It is a key limitation of our analysis that we had only practice-level data which will have meant very considerable dilution of any observable effect of flooding on antidepressant prescriptions because flooded households make up a very small part of the overall registered populations of these practices. The absence of detailed information on catchment areas does not allow us to investigate further the distances between home address and the practice. As such, we cannot know the degree to which the observed change in prescriptions reflects a causal effect confined only to flooded households, but if it were almost entirely this, the relative increase in the flooded households would be substantial and would be very broadly consistent with the results of questionnaire surveys of flood victims which suggest relative risks for anxiety and/or depression in the range of a twofold to fivefold increase.4 Another source of uncertainty (a probable conservative bias) is possible exposure misclassification from displacement of people or of practices themselves following a flood, which might in some circumstances affect recorded prescriptions data.
Nonetheless, against these limitations is the fact that using routine prescriptions data, although at very crude spatial resolution, provides a basis for objective analysis of change in antidepressant drug use among population partly affected by flooding. While it is not possible to eliminate all other factors that might be associated with change in prescription over time and space, our analyses controlled for (compared with) antidepressant prescription in preflood period, in other areas more distant from the flood, and non-antidepressant prescriptions. These comparisons strengthen the case of a specific effect of flooding on antidepressant drug use and thus presumably of clinical mental disorder. This is important as the literature is dominated by studies in which postflood questionnaire data on mental status, possibly subject to responder bias, have been gathered without baseline reference or control for change in non-flood areas. Mental health impacts may be among the most important adverse effects of flooding, especially for vulnerable individuals, and linked not only to the trauma of the flooding but also to the damage to property, social disruption and sometimes appreciable financial loss.20 However, although our analyses are consistent with a causal link, the degree to which the increase in prescribed antidepressant drugs observed in this study is actually concentrated among those directly flooded can only be determined by more detailed linkage studies.
What is already known on this subject.
Emerging reports suggest that flooding has adverse impacts on mental well-being among those affected.

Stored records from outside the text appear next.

Definition EN X : Prop := inS X /\ ~~ odd #|X|.
Definition gamma X : int :=
  (#|[set x in X | ~~ odd x]|%:Z - #|[set x in X | odd x]|%:Z)%R.
Definition E0plus X : Prop := EN X /\ (@ord_max N) \notin X /\ gamma X = 0%R.
Definition E0plus' X : Prop := E0plus X /\ (@inord N N.-1) \notin X.
Definition E0plus'' X : Prop := E0plus X /\ (@inord N N.-1) \in X.

End Defs.

Definition bij_betw (A C : Type) (P : A -> Prop) (Q : C -> Prop) (f : A -> C) : Prop :=
  (forall a, P a -> Q (f a)) /\
  (forall a a', P a -> P a' -> f a = f a' -> a = a') /\
  (forall c, Q c -> exists a, P a /\ f a = c).

From mathcomp Require Import all_boot all_order all_algebra.
From mathcomp Require Import zify.
Set Implicit Arguments. Unset Strict Implicit. Unset Printing Implicit Defensive.

(* Let B be in X^{0,+}_{N-2}.  Having no even pair, every pair of B is an arc
   [i, j] with i < j and j - i odd, and since the interior of each arc is tiled
   by arcs of B, these arcs are pairwise nested or disjoint and every point
   strictly inside an arc is an endpoint of another one; 'eps(B) is the set of
   points covered by an odd number of arcs.  Scanning S_N from left to right, the
   nesting depth of B rises by 1 at a left end, drops by 1 at a right end, and
   is 0 around every other point; a left end is covered (new depth) times, a
   right end (old depth) times.  So the depth after a point is a function of the depth
   before it and of whether the point lies in 'eps(B): the depth function is a
   lattice path [level] computed from 'eps(B) alone, the arcs of B are its
   matched up- and down-steps, and B is determined by 'eps(B).
   Conversely, for X in E^{0,+}_N the numbers of even and odd elements of X read
   so far differ by about half the height of the path of X, so gamma X = 0 forces
   the path back to 0 at N, and its matched steps form an element of X^{0,+}_{N-2} with
   'eps equal to X.  Finally N-1, never a left end, lies in supp B iff it is a
   right end iff it is covered exactly once, i.e. iff N-1 lies in 'eps(B). *)

(* Depth after a point, from the depth [L] before it and the parity [b] of the
   number of arcs covering the point: opening an arc there covers it L+1 times,
   closing one covers it L times. *)
Definition level_step (L : nat) (b : bool) : nat :=
  if L == 0 then nat_of_bool b
  else if odd L then (if b then L.-1 else L.+1)
  else (if b then L.+1 else L.-1).

Lemma level_step_up L : level_step L (odd L.+1) = L.+1.
Proof. by rewrite /level_step; case: L => [|L] //=; case: (odd L). Qed.

Lemma level_step_down L : 0 < L -> level_step L (odd L) = L.-1.
Proof. by rewrite /level_step; case: L => [|L] //= _; case: (odd L). Qed.

Fixpoint level (m : nat -> bool) (x : nat) : nat :=
  if x is y.+1 then level_step (level m y) (m y.+1) else 0.

Definition dyck_step (a b : nat) : bool :=
  (b == a.+1) || (a == b.+1) || ((a == 0) && (b == 0)).

Lemma level_dyck_step m y : dyck_step (level m y) (level m y.+1).
Proof.
rewrite /= /level_step /dyck_step; case: (level m y) => [|L] /=; first by case: (m _).
by case: (odd L); case: (m _) => /=; lia.
Qed.

Lemma level_step_inj L : injective (level_step L).
Proof. by rewrite /level_step => b b'; case: b b' (L == 0) (odd L) => [] [] [] [] //=; lia. Qed.

Lemma level_inj m m' N : (forall x, x <= N -> level m x = level m' x) ->
  forall x, 0 < x <= N -> m x = m' x.
Proof.
move=> eq_l [|x] // hx; have /= := eq_l x.+1 (proj2 (andP hx)).
by rewrite eq_l; [apply: level_step_inj | case/andP: hx; lia].
Qed.

Section Matching.
Variable l : nat -> nat.

Definition matched (i j : nat) : bool :=
  [&& 0 < i, i < j, l i == (l i.-1).+1, l j == l i.-1 &
      all (fun y => l i.-1 < l y) (iota i (j - i))].

Lemma matchedP i j :
  reflect [/\ 0 < i, i < j, l i = (l i.-1).+1, l j = l i.-1 &
              forall y, i <= y < j -> l i.-1 < l y]
          (matched i j).
Proof.
apply: (iffP and5P) => -[h1 h2 /eqP h3 /eqP h4 h5]; split=> //; try exact/eqP.
- by move=> y hy; apply: (allP h5); rewrite mem_iota; lia.
- by apply/allP=> y; rewrite mem_iota => hy; apply: h5; lia.
Qed.

Lemma matched_uniq_r i j j' : matched i j -> matched i j' -> j = j'.
Proof.
move=> /matchedP [_ hij _ lj above] /matchedP [_ hij' _ lj' above'].
case: (ltngtP j j') => // hj; [have := above' j | have := above j']; lia.
Qed.

Lemma matched_uniq_l i i' j : matched i j -> matched i' j -> i = i'.
Proof.
move=> /matchedP [_ hij li lj above] /matchedP [_ hij' li' lj' above'].
case: (ltngtP i i') => // hi; [have := above i'.-1 | have := above' i.-1]; lia.
Qed.

Lemma no_matched_chain i j i' : matched i j -> matched i' i -> False.
Proof.
move=> /matchedP [_ _ li _ _] /matchedP [_ hi' _ li' above'].
have := above' i.-1; lia.
Qed.

Lemma matched_nested i j a b : matched i j -> matched a b -> i < a < j -> b < j.
Proof.
move=> mij mab ha; case: (ltngtP b j) => // hb.
- move: mij mab => /matchedP [_ _ _ lj above] /matchedP [_ _ _ _ above'].
  have := above' j; have := above a.-1; lia.
- by subst b; have := matched_uniq_l mij mab; lia.
Qed.

Lemma matched_siblings a b a' b' :
  matched a b -> matched a' b' -> l a.-1 = l a'.-1 -> a < a' -> b < a'.
Proof.
move=> mab mab' he ha; case: (ltngtP b a') => // hb.
- by case/matchedP: mab => _ _ _ _ above; have := above a'.-1; lia.
- by subst a'; case: (no_matched_chain mab' mab).
Qed.

Hypothesis l_step : forall y, dyck_step (l y) (l y.+1).

Lemma matched_odd i j : matched i j -> odd (j - i).
Proof.
move=> /matchedP [_ hij li lj above].
have parity k : i + k <= j -> odd (l (i + k) + (i + k)) = odd (l i + i).
  elim: k => [|k IH] hk; first by rewrite addn0.
  rewrite -IH; last lia.
  by have := l_step (i + k); have := above (i + k); rewrite /dyck_step addnS; lia.
by have := parity (j - i); rewrite subnKC; [move=> /(_ (leqnn _)); lia | lia].
Qed.

Hypothesis l0 : l 0 = 0.
Variable N : nat.
Hypothesis lN : l N = 0.

Lemma matched_of_up i : 0 < i <= N -> l i = (l i.-1).+1 ->
  exists j, i < j <= N /\ matched i j.
Proof.
move=> hi li.
have hiN : i < N by case: (ltngtP i N) hi => [| |e] //; [lia | rewrite e in li; lia].
have ex : exists y, (i < y) && (l y <= l i.-1) by exists N; lia.
case: (ex_minnP ex) => j /andP [hj lj] jmin.
have hjN : j <= N by apply: jmin; lia.
have above y : i <= y < j -> l i.-1 < l y.
  move=> hy; case: (ltngtP y i) => [|hy'|->]; try lia.
  by case: leqP => // hle; have := jmin y; rewrite hy' hle => /(_ isT); lia.
exists j; split; first lia.
apply/matchedP; split=> //; try lia.
by have := above j.-1; have := l_step j.-1; rewrite prednK /dyck_step; lia.
Qed.

Lemma matched_of_down j : 0 < j <= N -> l j.-1 = (l j).+1 ->
  exists i, 0 < i < j /\ matched i j.
Proof.
move=> hj lj.
have ex : exists y, (y < j) && (l y <= l j) by exists 0; rewrite l0; lia.
have bnd y : (y < j) && (l y <= l j) -> y <= j by lia.
case: (ex_maxnP ex bnd) => y0 /andP [hy0 ly0] y0max.
have hy0j : y0 < j.-1.
  by case: (ltngtP y0 j.-1) => // [?|e]; [lia | rewrite e in ly0; lia].
have above z : y0 < z < j -> l j < l z.
  by move=> hz; case: leqP => // hle; have := y0max z; rewrite hle; lia.
have := l_step y0; rewrite /dyck_step => st.
exists y0.+1; split; first lia.
apply/matchedP; split=> //=; try (have := above y0.+1; lia).
by move=> y hy; have := above y; lia.
Qed.

Lemma matched_cover i j z : j <= N -> matched i j -> i < z < j ->
  exists a b, [/\ matched a b, i < a, b < j, a <= z <= b & l a.-1 = l i].
Proof.
move=> hjN mij hz; have /matchedP [_ _ li lj above] := mij.
have ex : exists y, (i <= y) && (y < z) && (l y <= l i) by exists i; lia.
have bnd y : (i <= y) && (y < z) && (l y <= l i) -> y <= z by lia.
case: (ex_maxnP ex bnd) => y0 /andP [/andP [hy0 hy0z] ly0] y0max.
have ly0i : l y0 = l i by have := above y0; lia.
have up : l y0.+1 = (l y0).+1.
  by have := above y0.+1; have := l_step y0; rewrite /dyck_step; lia.
have [b [hb mb]] := matched_of_up (i := y0.+1) ltac:(lia) up.
exists y0.+1, b; split=> //; try lia.
- by have := matched_nested mij mb; lia.
- case: (leqP z b) => hzb; first lia.
  by have /matchedP [_ _ _ lb _] := mb; have := y0max b; rewrite /= in lb; lia.
Qed.

End Matching.

Lemma eq_matched N (l l' : nat -> nat) i j : (forall x, x <= N -> l x = l' x) -> j <= N ->
  matched l i j = matched l' i j.
Proof.
move=> eq_l jN; rewrite /matched; case: (ltnP i j) => ij; last by rewrite !andbF.
rewrite !eq_l; try lia.
by congr [&& _, _, _, _ & _]; apply: eq_in_all => y; rewrite mem_iota => hy; rewrite eq_l //; lia.
Qed.

Section ParityBalance.
Variable m : nat -> bool.
Hypothesis m0 : m 0 = false.

Definition count_even x := \sum_(0 <= y < x.+1) (m y && ~~ odd y).
Definition count_odd x := \sum_(0 <= y < x.+1) (m y && odd y).

Lemma level_balance x :
  if odd (x + level m x) then count_even x = count_odd x + uphalf (level m x)
  else count_odd x = count_even x + uphalf (level m x).
Proof.
elim: x => [|x IH]; first by rewrite /count_even /count_odd !big_nat1 m0.
rewrite /count_even /count_odd !(big_nat_recr x.+1) // -/(count_even x) -/(count_odd x).
move: IH; rewrite [level m x.+1]/= /level_step.
case: (level m x) => [|L] /=; case: (m x.+1) => /=;
  rewrite ?oddD /= ?addn0 ?negbK; case hx: (odd x) => /=; try lia;
  case hL: (odd L) => /=; rewrite ?oddD ?hx ?hL /=; lia.
Qed.

Lemma level_end N : count_even N = count_odd N -> m N = false -> 0 < N ->
  level m N = 0 /\ level m N.-1 = 0.
Proof.
move=> balanced mN hN.
have lN : level m N = 0 by have := level_balance N; rewrite balanced; case: ifP; lia.
split=> //; case: N {balanced} hN mN lN => [//|n] _ mN /=.
by rewrite mN /level_step; case: (level m n) => [|[|L]] //=; case: ifP.
Qed.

However, evidence remained limited as the most previous studies are based on survey or self-reports without robust preflood records.
What this study adds.
Linkage of administrative data, national flood database and primary care practices prescription provided a systematic approach of controlled interrupted time-series design with rigorous control for preflood period, other areas far from the flooded boundaries, major areal characteristics such as deprivation and population density and non-antidepressant drugs.
This study demonstrated an increase in prescribed antidepressant drugs in the year after flooding in primary care practices close to recent major floods in England.
Despite small increase in prescribed antidepressant drugs in relative terms, high prevalence of mental disorders implied substantial mental health burdens after flooding, suggesting important implications for public health practices after disaster.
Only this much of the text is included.